When a party attempts to assert a cause of action “not raised in a reorganization plan or otherwise mentioned in the debt- or’s schedules or disclosure statements,” judicial estoppel prevents that party from asserting that claim. Hamilton v. State Farm Fire & Casualty Co., 270 F.3d 778, 783 (9th Cir.2001). Mergia did not disclose the Affidavit of Support (Form I-864) in his Chapter 7 bankruptcy proceeding, and so he is estopped from now seeking its enforcement.

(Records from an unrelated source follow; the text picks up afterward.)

Lemma inOf_w2_cases u : inOf M u ->
  (inOf1 M u /\ w2 M u <= Wc M) \/ (inOf2 M u /\ Wc M <= w2 M u <= Wmax M).
Proof.
intros Hu. pose proof Hu as ([Hr0 Hr2] & _ & Hv).
destruct (Rlt_dec (rho u) (Rf1 M)) as [Hlt | Hge].
- left. split; [split; assumption|]. rewrite w2_inOf1 by (split; assumption).
  pose proof (Hvf_anti (rho u) (Rf1 M)). lra.
- right. split; [split; [assumption | lra]|]. rewrite w2_inOf2 by (split; [assumption | lra]).
  rewrite Hv. unfold Wc, Wmax, Vfl. split.
  + destruct (Req_dec (rho u) (Rf1 M)) as [-> | Hne]; [lra|].
    pose proof (Hincr (Rf1 M) (rho u)). lra.
  + destruct (Req_dec (rho u) (Rf2 M)) as [-> | Hne]; [lra|].
    pose proof (Hincr (rho u) (Rf2 M)). lra.
Qed.

Definition fronts_in_Omega (C : list front) : Prop :=
  Forall (fun f => inOmega (fa f) /\ inOmega (fb f)) C.

Definition fronts_in_Ge (C : list front) : Prop :=
  Forall (fun f => isPTf f -> inGe M (fa f) (fb f)) C.

Definition fan_spec (x : R) (a b : state) (L : list state) : Prop :=
  let F := fan_fronts x a L in
  chain a F b /\ fronts_in_Omega F /\ fronts_in_Ge F /\ countPT M F = PTind M a b.

Lemma countPT_app C1 C2 : countPT M (C1 ++ C2) = (countPT M C1 + countPT M C2)%nat.
Proof. induction C1; simpl; lia. Qed.

Lemma fan_spec_single_phase (P : state -> Prop) x a L :
  (forall u, P u -> inOmega u) -> (forall u v, P u -> P v -> PTind M u v = 0%nat) ->
  P a -> Forall P L -> fan_spec x a (last L a) L.
Proof.
intros HP HP0 Ha HL. split; [apply chain_fan_fronts|].
assert (HF : Forall (fun f => P (fa f) /\ P (fb f)) (fan_fronts x a L)).
{ revert a Ha. induction HL; intros a Ha; constructor; simpl; auto. }
repeat split.
- eapply Forall_impl; [|exact HF]. intros f [? ?]. auto.
- eapply Forall_impl; [|exact HF]. intros f [? ?] Hf.
  apply PTind_isPT in Hf. rewrite HP0 in Hf by assumption. discriminate.
- rewrite HP0 by (try apply Forall_last; assumption). clear HF.
  revert a Ha. induction HL; intros a Ha; simpl; [reflexivity|].
  rewrite HP0 by assumption. apply IHHL. assumption.
Qed.
Lemma I7_irrefl (i : 'I_m) : i \notin A i.
Proof.
rewrite inE; case: (indexP i) => [p | [] p | j].
- by rewrite A7_apex /=; have := ltn_ord p; lia.
- by rewrite A7_base_true /inL1 /inL2 /inL3 /=; have := ltn_ord p; lia.
- by rewrite A7_base_false /inL1 /inL2 /inL3 /=; have := ltn_ord p; lia.
rewrite /free => /orP[/andP[j_L1 j_odd] | /andP[j_L2 j_even]].
  by rewrite A7_free_L1 // eqxx /inL1 /inL2 /inL3; lia.
by rewrite A7_free_L2 // eqxx /inL1 /inL2 /inL3; lia.
Qed.

Lemma base_inj b : injective (base b).
Proof. by move=> p q /(congr1 val) /=; case: b => pq; apply: val_inj => /=; lia. Qed.

Lemma apex_inj : injective apex.
Proof. by move=> p q /(congr1 val) /= pq; apply: val_inj => /=; lia. Qed.

Lemma base_eq b b' p q : (base b p == base b' q) = (b == b') && (p == q).
Proof.
by rewrite -!val_eqE /=; have := ltn_ord p; have := ltn_ord q; case: b; case: b'; lia.
Qed.

Lemma mem_triangle_base b p q : (base b q \in triangle p) = (p == q).
Proof.
by have := ltn_ord q; case: b; rewrite /triangle !inE -!val_eqE /=; lia.
Qed.

Lemma mem_bases_base b b' p : (base b p \in bases b') = (b == b').
Proof.
apply/imsetP/eqP => [[q _ /eqP] | <-]; last by exists p.
by rewrite base_eq => /andP[/eqP].
Qed.

Lemma base_neq_free b p (j : 'I_m) : free j -> (base b p == j) = false.
Proof.
move=> j_free; apply: contraTF j_free => /eqP <-.
by rewrite /free /=; have := ltn_ord p; case: b; lia.
Qed.

Lemma apex_notin_bases b q : apex q \notin bases b.
Proof. by rewrite mem_bases /=; case: b; lia. Qed.

Lemma base_notin_bases b q : base (~~ b) q \notin bases b.
Proof. by have := ltn_ord q; case: b; rewrite mem_bases /=; lia. Qed.

Lemma base_notin_apexes b q : base b q \notin apexes.
Proof. by have := ltn_ord q; case: b; rewrite mem_apexes /=; lia. Qed.

Lemma free_notin_bases b (j : 'I_m) : free j -> j \notin bases b.
Proof. by rewrite mem_bases /free; case: b; lia. Qed.

Lemma free_notin_apexes (j : 'I_m) : free j -> j \notin apexes.
Proof. by rewrite mem_apexes /free; lia. Qed.

(* The last row is 1 |: A 1 (paper's receiver 2), the row UMCD adds when it
   picks 1 right after the apexes. *)
Definition code_rows (k : 'I_l.+2) : {set 'I_m} :=
  if unlift ord_max k is Some p then triangle p else ~: bases false.

Section Decoding.
Variables (V : zmodType) (x x' : {ffun 'I_m -> 'rV[V]_1}).
Hypothesis code_eq : sum_code code_rows x = sum_code code_rows x'.

Lemma peel_triangle p (j0 : 'I_m) :
  j0 \in triangle p -> {in triangle p :\ j0, x =1 x'} -> x j0 = x' j0.
Proof.
have row_p : code_rows (lift ord_max p) = triangle p by rewrite /code_rows liftK.
by rewrite -row_p; apply: sum_code_peel.
Qed.

Lemma peel_base p b :
  x (apex p) = x' (apex p) -> x (base (~~ b) p) = x' (base (~~ b) p) ->
  x (base b p) = x' (base b p).
Proof.
move=> x_apex x_base; apply: (@peel_triangle p) => [|j].
  by case: b {x_base}; rewrite /triangle !inE ?eqxx ?orbT.
rewrite /triangle !inE; case: b x_base => x_base /andP[j_ne /orP[/orP[]|] /eqP j_eq].
all: by subst j; rewrite ?eqxx in j_ne.
Qed.

Lemma peel_last (j0 : 'I_m) : j0 \notin bases false ->
  (forall j, j != j0 -> j \notin bases false -> x j = x' j) -> x j0 = x' j0.
Proof.
have row_max : code_rows ord_max = ~: bases false by rewrite /code_rows unlift_none.
move=> j0_last known; apply: (sum_code_peel code_eq (k := ord_max)) => [|j].
  by rewrite row_max inE.
by rewrite row_max in_setD1 in_setC => /andP[]; apply: known.
Qed.

Lemma eq_by_index : (forall q, x (apex q) = x' (apex q)) ->
  (forall b q, x (base b q) = x' (base b q)) -> (forall j : 'I_m, free j -> x j = x' j) ->
  x =1 x'.
Proof. by move=> x_apex x_base x_free j; case: (indexP j). Qed.

Lemma agree_off (B : {set 'I_m}) (y : 'I_m) : {in ~: (y |: B), x =1 x'} ->
  forall j, j != y -> j \notin B -> x j = x' j.
Proof. by move=> known j j_y j_B; apply: known; rewrite !inE negb_or j_y. Qed.

Lemma agree_off_apex b (y : 'I_m) : y \notin apexes -> {in ~: (y |: bases b), x =1 x'} ->
  forall q, x (apex q) = x' (apex q).
Proof.
move=> y_apex /agree_off known q; apply: known (apex_notin_bases b q).
by apply: contraNneq y_apex => <-; apply: imset_f.
Qed.

Lemma recover_bases_false (y : 'I_m) : y \notin apexes -> y \notin bases false ->
  {in ~: (y |: bases false), x =1 x'} -> x =1 x'.
Proof.
move=> y_apex y_b known; have x_apex := agree_off_apex y_apex known.
move/agree_off: known => known.
have x_y : x y = x' y := peel_last y_b known.
have x_true q : x (base true q) = x' (base true q).
  by have [-> // | /eqP q_y] := base true q =P y; apply: known q_y (base_notin_bases false q).
apply: eq_by_index => [// | [] q // | j j_free].
  exact: (peel_base (b := false) (x_apex q) (x_true q)).
by have [-> // | /eqP j_y] := j =P y; apply: known j_y (free_notin_bases false j_free).
Qed.

Lemma recover_bases_true_base p : {in ~: (base false p |: bases true), x =1 x'} -> x =1 x'.
Proof.
move=> known; have x_apex := agree_off_apex (base_notin_apexes false p) known.
move/agree_off: known => known.
have x_true q : q != p -> x (base true q) = x' (base true q).
  move=> q_p; apply: (peel_base (b := true) (x_apex q)).
  by apply: known (base_notin_bases true q); rewrite (inj_eq (@base_inj false)).
have x_tp : x (base true p) = x' (base true p).
  apply: (@peel_last (base true p)) => [|j j_ne j_nb]; first exact: (base_notin_bases false p).
  have [/imsetP[q _ j_q] | j_nt] := boolP (j \in bases true).
    by rewrite j_q x_true //; apply: contraNneq j_ne => <-; rewrite j_q.
  by apply: known j_nt; apply: contraNneq j_nb => ->; apply: imset_f.
have x_fp := peel_base (b := false) (x_apex p) x_tp.
apply: eq_by_index => [// | [] q | j j_free].
- by have [-> // | /x_true] := eqVneq q p.
- have [-> // | q_p] := eqVneq q p; apply: known (base_notin_bases true q).
  by rewrite (inj_eq (@base_inj false)).
by apply: known (free_notin_bases true j_free); rewrite eq_sym base_neq_free.
Qed.

Lemma recover_bases_true_free (y : 'I_m) : free y -> {in ~: (y |: bases true), x =1 x'} -> x =1 x'.
Proof.
move=> y_free known; have x_apex := agree_off_apex (free_notin_apexes y_free) known.
move/agree_off: known => known.
have x_true q : x (base true q) = x' (base true q).
  apply: (peel_base (b := true) (x_apex q)).
  by apply: known (base_notin_bases true q); rewrite base_neq_free.
have x_y : x y = x' y.
  apply: (@peel_last y) => [|j j_ne j_nb]; first exact: (free_notin_bases false y_free).
  by have [/imsetP[q _ ->] | j_nt] := boolP (j \in bases true); [apply: x_true | apply: known].
apply: eq_by_index => [// | [] q // | j j_free].
  by apply: known (base_notin_bases true q); rewrite base_neq_free.
by have [-> // | /eqP j_y] := j =P y; apply: known j_y (free_notin_bases true j_free).
Qed.

Lemma decode_I7 i : {in A i, x =1 x'} -> x i = x' i.
Proof.
rewrite -[A i]setCK; case: (indexP i) => [p | b p | j j_free] known.
- have x_base b : x (base b p) = x' (base b p).
    by apply: known; rewrite setCK I7_apex !inE; case: b; rewrite eqxx ?orbT.
  apply: (@peel_triangle p) => [|j]; first by rewrite /triangle !inE eqxx.
  rewrite /triangle !inE => /andP[j_ne /orP[/orP[]|] /eqP j_eq]; subst j.
  + by rewrite eqxx in j_ne.
  + exact: x_base.
  + exact: x_base.
- rewrite setC_I7_base in known; case: b known => known.
    exact: (recover_bases_true_base known).
  exact: (recover_bases_false (base_notin_apexes true p) (base_notin_bases false p) known).
rewrite setC_I7_free // in known; move: known; case: (2 * l + 1 <= j) => known.
  exact: (recover_bases_true_free j_free known).
exact: (recover_bases_false (free_notin_apexes j_free) (free_notin_bases false j_free) known).
Qed.

End Decoding.

Lemma has_code_I7 (F : finFieldType) : has_code F 1 l.+2 A.
Proof.
apply: (decodable_has_code (phi := sum_code code_rows)) => i x x' code_eq.
exact: decode_I7.
Qed.

Fact one_subproof : 1 < m. Proof. lia. Qed.

Lemma has_code_I7_leq (F : finFieldType) t r : has_code F t r A -> t * l.+2 <= r.
Proof.
pose v : 'I_m := Ordinal one_subproof.
have v_free : free v by rewrite /free /=; lia.
have card_S : #|v |: apexes| = l.+2.
  by rewrite cardsU1 free_notin_apexes // card_imset ?card_ord //; apply: apex_inj.
rewrite -card_S; apply: (has_code_acyclic (rk := fun j => j == v)) => i j.
rewrite !in_setU1 => /orP[/eqP -> _ jA | /imsetP[p _ ->] /orP[/eqP -> | /imsetP[q _ ->]]].
- rewrite eqxx ltnS leqn0 eqb0; apply: contraTneq jA => ->; exact: I7_irrefl.
- by rewrite I7_apex !inE -!val_eqE /v /=; lia.
- by rewrite I7_apex !inE -!val_eqE /v /=; have := ltn_ord p; lia.
Qed.

(** * The UMCD run *)

Lemma triangleE p : apex p |: A (apex p) = triangle p.
Proof. by apply/setP => j; rewrite I7_apex !inE orbA. Qed.

Lemma card_I7_apex p : #|A (apex p)| <= 2.
Proof. by rewrite I7_apex cards2; case: (_ != _). Qed.

Lemma card_setC_I7 i : i \notin apexes -> #|~: A i| = l.+2.
Proof.
case: (indexP i) => [p | b p _ | j j_free _]; first by rewrite imset_f.
  by rewrite setC_I7_base cardsU1 base_notin_bases card_imset ?card_ord //; apply: base_inj.
by rewrite setC_I7_free // cardsU1 free_notin_bases // card_imset ?card_ord //; apply: base_inj.
Qed.

Lemma card_I7_nonapex i : i \notin apexes -> 2 < #|A i|.
Proof. by move/card_setC_I7; have := cardsC (A i); rewrite card_ord; lia. Qed.

Lemma bases_cover w p : w \notin apexes ->
  (base true p \in w |: A w) || (base false p \in w |: A w).
Proof.
rewrite -[A w]setCK; case: (indexP w) => [q | b q _ | j j_free _]; first by rewrite imset_f.
  by case: b; rewrite setC_I7_base !inE !base_eq !mem_bases_base /= ?orbF; case: eqP.
by rewrite setC_I7_free // !inE !base_neq_free // !mem_bases_base; case: (_ <= _).
Qed.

Mergia raises no other colorable claims. He attempts to sue Adams, his ex-wife, under 42 U.S.C. § 1983, and the district court correctly concluded that she cannot be held liable as a state actor. See Crowe v. County of San Diego, 608 F.3d 406, 440 (9th Cir.2010). Mergia also asks the court to issue orders reversing various decisions of the state courts. The district court correctly abstained from hearing these claims under the Rooker-Feldman doctrine. See D.C. Court of Appeals v. Feldman, 460 U.S. 462, 476, 103 S.Ct. 1303, 75 L.Ed.2d 206 (1983); Rooker v. Fidelity Trust Co., 263 U.S. 413, 415, 44 S.Ct. 149, 68 L.Ed. 362 (1923).

AFFIRMED. 
      
       This disposition is not appropriate for publication and is not precedent except as provided by 9 th Cir. R. 36-3.
     
      
      . Mergia filed a motion to introduce new evidence on September 24, 2010. We deny Mer-gia’s motion because we are bound by the record on appeal. See United States v. Elias, 921 F.2d 870, 874 (9th Cir.1990) (noting that "[d]ocuments or facts not presented to the district court are not part of the record on appeal”). We note, however, that even if Mergia were allowed to introduce additional evidence, it would not change the fact that Mergia failed to disclose the Affidavit of Support on his schedules.